Another models that included patients with IL-6 (n = 3900) and UA (n = 13,052) results also indicate the presence of a correlation structure between hypoglycemia and PVD in the study participants (Supplemental Figure 4a, b) and reinforce the significant roles that metabolic factors and inflammation factors played in both the forward and the reverse association. As shown in Supplemental Figure 4a, the correlation structure between hypoglycemia and PVD was mediated by NLR, HbA1c, UA, and SBP. In the forward model, hypoglycemia had a direct impact on NLR (E = 0.700), which subsequently affected HbA1c (E = 0.013) and UA (E = 0.012). HbA1c contributed to PVD (E = 0.016) and UA directly impacted PVD (E = 0.093). In the reverse model, PVD influenced hypoglycemia by multiple feedback mechanisms. PVD directly impacted UA (E = 0.123), hypoglycemia (E = 0.670), and SBP (E = 4.16). UA (E = 0.067) and HbA1c (E = 0.0003), in turn, directly affected hypoglycemia. Hypoglycemia increased IL-6 (E = 0.067) (Supplemental Figure 4b), which subsequently impacted HbA1c (E = 0.234) and contributed to the development of PVD (E = 0.013). IL-6 also had a direct effect that nearly reached significance (E = 0.023, p = 0.07) on PVD.
Taken together, the forward and reverse models indicate the presence of a bidirectional and interconnected relationship between hypoglycemia and PVD that is mediated by abnormal inflammation, and metabolic abnormalities (glycemic control, uric acid, and blood pressure). The findings are consistent with the existence of a potential mutual association in which hypoglycemia and PVD mutually aggravate each other through complex physiological pathways.
Discussion
In T2DM patients, PVD is more challenging to treat and manage than lesions of single vascular bed. Previous studies show that it also has a poorer prognosis and requires greater clinical attention.11,14–16 There are metabolic, circulatory, and inflammatory pathways that are common to both PVD and hypoglycemia, suggesting that they may be linked by a bidirectional potential mutual association1,5–9,15,22,23 but that relationship is often overlooked in clinical practice.

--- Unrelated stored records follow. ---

(* Let $F$ be a unit tree and let $!E,G,G'$ be units of $F$ such that $!E$ dominates $G$ in $F$ and $G'$ is the parent of $G$. Then: (a) if $G'$ is a $\wedge$- or $\vee$-unit, then $!E$ dominates $G'$ in $F$; (b) if $G'$ is a $!$-unit, then either $G'=!E$ or $!E$ dominates $G'$ in $F$.
   Context: Formulas are built from atoms by $\neg$ (on atoms only), binary $\wedge,\vee$ and unary $!$ (branching recurrence) and $?$ (branching corecurrence). Fix a formula $\mathbb{F}_0$. Oformulas are occurrences of subformulas of $\mathbb{F}_0$. Politerals are occurrences of literals $P$ or $\neg P$ not in the scope of $\neg$. The modal depth of an oformula is the number of its proper superoccurrences of the form $!E$ or $?E$. A unit is $E[\vec x]$, with $E$ an oformula and $\vec x$ a tuple of infinite bitstrings whose length is the modal depth of $E$. Parenthood: - $G_0[\vec x]$ and $G_1[\vec x]$ are the children of $(G_0\wedge G_1)[\vec x]$ and of $(G_0\vee G_1)[\vec x]$; - the $G[\vec x,y]$, for all infinite bitstrings $y$, are the children of $!G[\vec x]$ and of $?G[\vec x]$. The root is $\mathbb{F}_0[\,]$. ''Subunit'' and ''superunit'' are the reflexive-transitive closures of the child relation and its converse, and ''proper'' means distinct. The $\mathbb{F}_0$-origin $\tilde E$ of $E[\vec x]$ is $E$. $!$-, $?$-, $\wedge$-, $\vee$- and politeral units are those whose origin is of the corresponding form. The smallest common superunit of two units is their common superunit that is a subunit of all their common superunits. $E$ drives $G$ through $H$ iff $H$ is the smallest common superunit of $E,G$ and no proper $?$-superunit of $E$ is a subunit of $H$. A unit tree is a nonempty set $S$ of units such that, for each $E\in S$: all superunits of $E$ are in $S$; if $E$ is a $\wedge$- or $\vee$-unit, both children of $E$ are in $S$; and if $E$ is a $!$- or $?$-unit, at least one child of $E$ is in $S$. Runs are sequences of labeled moves $\wp\beta$ with $\wp\in\{\top,\bot\}$. For a run $\Theta$ and a string $\alpha$, $\Theta^{\alpha}$ keeps the labmoves whose move begins with $\alpha$ and deletes that prefix. For an infinite bitstring $y$, $\Theta^{\preceq y}$ keeps the labmoves $\wp\,u.\beta$ with $u$ a finite prefix of $y$ and deletes ''$u.$''. Fix an arbitrary run $\Omega$. Its projection on $\mathbb{F}_0[\,]$ is $\Omega$. If $\Theta$ is the projection on $E[\vec x]$, then the projection on the child $G_i[\vec x]$ of a $\wedge$/$\vee$-unit is $\Theta^{i.}$, and on the child $G[\vec x,y]$ of a $!$/$?$-unit it is $\Theta^{\preceq y}$. Politeral units $L,M$ are opposite iff $\tilde L,\tilde M$ are literals one of which is the negation of the other and, for each $\wp\in\{\top,\bot\}$, the set of $\wp$-labeled moves in the projection of $\Omega$ on $L$ equals the set of $\neg\wp$-labeled moves in the projection on $M$. For a unit tree $F$ and $!E,G\in F$, a $!E$-over-$G$ domination chain in $F$ is a sequence $L_1,M_1,X_1,\dots,L_n,M_n,X_n$ ($n\ge1$) of units such that, writing $L_{n+1}=G$, for each $i\le n$: 1. $L_i,M_i$ are opposite politeral units of $F$; 2. $M_i$ drives $L_{i+1}$ through $X_i$; 3. $M_i$ drives no $L_j$ with $i+2\le j\le n+1$; 4. $M_i$ is not a subunit of $!E$; 5. $L_1$ is a subunit of $!E$. $!E$ dominates $G$ in $F$ iff $!E,G\in F$ and either $G$ is a proper subunit of $!E$ or there is a $!E$-over-$G$ domination chain in $F$. *)

From Stdlib Require Export List Arith Ascii Relations.
Export ListNotations.
Set Implicit Arguments.

(* Formulas: atoms are natural numbers; negation only on atoms, so literals
   P and ~P are primitive constructors. *)
Inductive formula : Type :=
| FPos  : nat -> formula
| FNeg  : nat -> formula
| FAnd  : formula -> formula -> formula
| FOr   : formula -> formula -> formula
| FBang : formula -> formula
| FQues : formula -> formula.

(* Occurrences (oformulas) of subformulas of F0 are addressed by paths from the
   root: dL / dR = left / right argument of a binary connective,
   dD = the argument of ! or ?. *)
Inductive dir : Type := dL | dR | dD.

Fixpoint sub (f : formula) (p : list dir) : option formula :=
  match p with
  | [] => Some f
  | dL :: q => match f with FAnd a _ | FOr a _ => sub a q | _ => None end
  | dR :: q => match f with FAnd _ b | FOr _ b => sub b q | _ => None end
  | dD :: q => match f with FBang a | FQues a => sub a q | _ => None end
  end.

(* modal depth: number of proper superoccurrences of the form !E or ?E,
   i.e. the number of dD steps of the (valid) path *)
Definition mdepth (p : list dir) : nat :=
  length (filter (fun d => match d with dD => true | _ => false end) p).

Definition bitstring := nat -> bool.

(* A unit E[x]: an oformula (path) and a tuple of infinite bitstrings. *)
Record cunit : Type := mkU { upath : list dir; ustr : list bitstring }.

Definition is_unit (F0 : formula) (u : cunit) : Prop :=
  sub F0 (upath u) <> None /\ length (ustr u) = mdepth (upath u).

Definition origin (F0 : formula) (u : cunit) : option formula := sub F0 (upath u).

Definition is_and  F0 u := exists a b, origin F0 u = Some (FAnd a b).
Definition is_or   F0 u := exists a b, origin F0 u = Some (FOr a b).
Definition is_bang F0 u := exists a, origin F0 u = Some (FBang a).
Definition is_ques F0 u := exists a, origin F0 u = Some (FQues a).
Definition is_politeral F0 u :=
  exists n, origin F0 u = Some (FPos n) \/ origin F0 u = Some (FNeg n).

Definition root : cunit := mkU [] [].

Definition child (F0 : formula) (c u : cunit) : Prop :=
  is_unit F0 u /\
  ( ((is_and F0 u \/ is_or F0 u) /\
      (c = mkU (upath u ++ [dL]) (ustr u) \/ c = mkU (upath u ++ [dR]) (ustr u)))
  \/ ((is_bang F0 u \/ is_ques F0 u) /\
      exists y : bitstring, c = mkU (upath u ++ [dD]) (ustr u ++ [y])) ).

Definition subunit (F0 : formula) (s u : cunit) : Prop :=
  clos_refl_trans cunit (fun a b => child F0 b a) u s.

Definition proper_subunit (F0 : formula) (s u : cunit) : Prop :=
  subunit F0 s u /\ s <> u.

Definition smallest_common_superunit (F0 : formula) (H E G : cunit) : Prop :=
  subunit F0 E H /\ subunit F0 G H /\
  forall K, subunit F0 E K -> subunit F0 G K -> subunit F0 H K.

Definition drives (F0 : formula) (E G H : cunit) : Prop :=
  smallest_common_superunit F0 H E G /\
  ~ (exists K, proper_subunit F0 E K /\ is_ques F0 K /\ subunit F0 K H).

Definition unit_tree (F0 : formula) (S : cunit -> Prop) : Prop :=
  (exists u, S u) /\
  forall E, S E ->
    is_unit F0 E /\
    (forall K, subunit F0 E K -> S K) /\
    ((is_and F0 E \/ is_or F0 E) -> S (mkU (upath E ++ [dL]) (ustr E)) /\
                                    S (mkU (upath E ++ [dR]) (ustr E))) /\
    ((is_bang F0 E \/ is_ques F0 E) -> exists C, child F0 C E /\ S C).

(* A run (finite or infinite sequence of labmoves) is represented as a padded
   sequence nat -> option labmove: the run is the sequence of the Some-entries
   in order (None entries are blanks).  Deleting labmoves = replacing them by
   None. *)
Inductive player : Type := Top | Bot.
Definition pneg (w : player) : player := match w with Top => Bot | Bot => Top end.
Definition move := list ascii.
Definition labmove := (player * move)%type.
Definition run := nat -> option labmove.

Fixpoint strip (a m : move) : option move :=
  match a with
  | [] => Some m
  | c :: a' => match m with
               | [] => None
               | d :: m' => if Ascii.eqb c d then strip a' m' else None
               end
  end.

Definition proj_prefix (a : move) (T : run) : run :=
  fun n => match T n with
           | Some (w, m) => match strip a m with Some b => Some (w, b) | None => None end
           | None => None
           end.

(* strip "u." where u is a finite prefix (from position k on) of y *)
Fixpoint strip_bits (y : bitstring) (k : nat) (m : move) : option move :=
  match m with
  | [] => None
  | c :: m' => if Ascii.eqb c "."%char then Some m'
               else if Ascii.eqb c (if y k then "1"%char else "0"%char)
                    then strip_bits y (S k) m' else None
  end.

Definition proj_branch (y : bitstring) (T : run) : run :=
  fun n => match T n with
           | Some (w, m) => match strip_bits y 0 m with Some b => Some (w, b) | None => None end
           | None => None
           end.

Fixpoint proj_path (T : run) (p : list dir) (xs : list bitstring) : run :=
  match p with
  | [] => T
  | dL :: q => proj_path (proj_prefix ["0"%char; "."%char] T) q xs
  | dR :: q => proj_path (proj_prefix ["1"%char; "."%char] T) q xs
  | dD :: q => match xs with
               | [] => T
               | y :: xs' => proj_path (proj_branch y T) q xs'
               end
  end.

Definition proj (Om : run) (u : cunit) : run := proj_path Om (upath u) (ustr u).

Definition opposite_literals (a b : option formula) : Prop :=
  exists n, (a = Some (FPos n) /\ b = Some (FNeg n)) \/
            (a = Some (FNeg n) /\ b = Some (FPos n)).

Definition opposite (F0 : formula) (Om : run) (L M : cunit) : Prop :=
  is_politeral F0 L /\ is_politeral F0 M /\
  opposite_literals (origin F0 L) (origin F0 M) /\
  forall (w : player) (b : move),
    (exists n, proj Om L n = Some (w, b)) <-> (exists n, proj Om M n = Some (pneg w, b)).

Our study shows that there was a two-way relationship between hypoglycemia and PVD in these diabetes patients. Using logistic analysis and SEM, our study demonstrated the potential potential mutual association in which these two diseases exacerbate each other through complex physiological pathways (see Tables 2 and 3; Figures 1 and 4; Supplemental Tables 4 and 5; Supplemental Figure 4). Stratified and interaction analysis found that the association of hypoglycemia and PVD was stronger in certain subgroups, particularly those with worse metabolic and inflammatory states (Figure 3, Supplemental Figure 3). In addition, our study also revealed a big gap between the detection rate and diagnosis rate of hypoglycemia, reflecting that hypoglycemia is still underappreciated in clinical practice (Supplemental Figure 1).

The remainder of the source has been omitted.